= CrossBread =

Mockumentary podcast

CrossBread is a scripted comedy podcast written by Declan Fay, Megan Washington, and Chris Ryan. The show was commissioned and produced by the Australian Broadcasting Corporation and executive produced by Tom Wright. The six-episode series follows protagonists Josh and Joan Burns as they form the eponymously named Christian rap duo.
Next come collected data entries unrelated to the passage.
(* Width [1 + 1] rather than [2], so that the block-matrix lemmas apply. *)
Definition incidence_mx u v : 'M[F]_(3, 1 + 1) := row_mx u^T v^T.

Lemma mul_incidence_mx_eq0 w u v :
  (w *m incidence_mx u v == 0) = on_line w u && on_line w v.
Proof. by rewrite /incidence_mx mul_mx_row row_mx_eq0 !mul_tr_eq0. Qed.

Lemma lines_meet u v : exists p, [&& p != 0, on_line u p & on_line v p].
Proof.
have : kermx (incidence_mx u v) != 0.
  by rewrite -mxrank_eq0 mxrank_ker subn_eq0 -ltnNge ltnS rank_leq_col.
case/rowV0Pn => p /sub_kermxP /eqP pK p0; exists p.
by rewrite p0 on_lineC [on_line v p]on_lineC -mul_incidence_mx_eq0 pK.
Qed.

Lemma line_through2_unique u v w1 w2 :
  u != 0 -> v != 0 -> w1 != 0 -> w2 != 0 -> ~ same_pt u v ->
  on_line w1 u -> on_line w1 v -> on_line w2 u -> on_line w2 v ->
  same_pt w1 w2.
Proof.
move=> u0 v0 w10 w20 nuv w1u w1v w2u w2v.
have rk2 : \rank (incidence_mx u v) = 2%N.
  apply/eqP; rewrite eqn_leq rank_leq_col /incidence_mx -tr_col_mx mxrank_tr ltnNge.
  by apply/negP => /(same_pt_rank1 u0 v0).
have ker_w1 : (w1 <= kermx (incidence_mx u v))%MS.
  by apply/sub_kermxP/eqP; rewrite mul_incidence_mx_eq0 w1u w1v.
have ker_w2 : (w2 <= kermx (incidence_mx u v))%MS.
  by apply/sub_kermxP/eqP; rewrite mul_incidence_mx_eq0 w2u w2v.
have [_ eq_rk] := mxrank_leqif_sup ker_w1.
have ker_sub : (kermx (incidence_mx u v) <= w1)%MS.
  by rewrite -eq_rk mxrank_ker rk2 rank_rV w10.
exact: same_pt_submx (submx_trans ker_w2 ker_sub).
Qed.

Lemma has_card_points (T : finType) (P : 'rV[F]_3 -> Prop) (pt : T -> 'rV[F]_3) :
  (forall t, pt t != 0 /\ P (pt t)) ->
  (forall t t', t != t' -> ~ same_pt (pt t) (pt t')) ->
  (forall x, x != 0 -> P x -> exists t, same_pt (pt t) x) ->
  has_k_points P #|T|.
Proof.
move=> ptP pt_inj pt_onto; exists (fun i => pt (enum_val i)); split; [|split].
- by move=> i; apply: ptP.
- by move=> i j ij; apply: pt_inj; rewrite (inj_eq enum_val_inj).
- by move=> x x0 /(pt_onto x x0) [t ptx]; exists (enum_rank t); rewrite enum_rankK.
Qed.

Lemma has_k_points_ext (P Q : 'rV[F]_3 -> Prop) k :
  (forall x, P x <-> Q x) -> has_k_points P k -> has_k_points Q k.
Proof.
move=> PQ [s [sP [s_inj s_onto]]]; exists s; split; [|split] => //.
- by move=> a; have [s0 /PQ] := sP a.
- by move=> x x0 /PQ; apply: s_onto.
Qed.

End Incidence.

Section Arrangement.
Variables (F : numClosedFieldType) (n : nat) (L : 'I_n -> 'rV[F]_3).
Hypothesis arrL : arrangement L.
Implicit Types p q x : 'rV[F]_3.

Definition pencil p : {set 'I_n} := [set i | on_line (L i) p].

Lemma eq_line_through2 p x i j :
  p != 0 -> x != 0 -> ~ same_pt p x ->
  on_line (L i) p -> on_line (L i) x -> on_line (L j) p -> on_line (L j) x ->
  i = j.
Proof.
move=> p0 x0 npx ip ix jp jx; have [L0 Ldistinct] := arrL.
case: (eqVneq i j) => // /Ldistinct []; apply: (line_through2_unique p0 x0) => //.
Qed.

Lemma card_pencilI_le1 p q :
  p != 0 -> q != 0 -> ~ same_pt p q -> (#|pencil p :&: pencil q| <= 1)%N.
Proof.
move=> p0 q0 npq; rewrite leqNgt; apply/card_gt1P => -[i [j [+ + ij]]].
rewrite !inE => /andP [ip iq] /andP [jp jq].
by move: ij; rewrite (eq_line_through2 p0 q0 npq ip iq jp jq) eqxx.
Qed.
The show was nominated for an ARIA award and won an AWGIE award in 2020 and 2021 respectively.

== Production ==
The show was executive produced by Tom Wright and written by Declan Fay, Megan Washington, and Chris Ryan with original music composed and performed by Megan Washington and Chris Ryan. The writing for the show began in September 2019 after being commissioned by ABC Comedy and ABC Audio Studios.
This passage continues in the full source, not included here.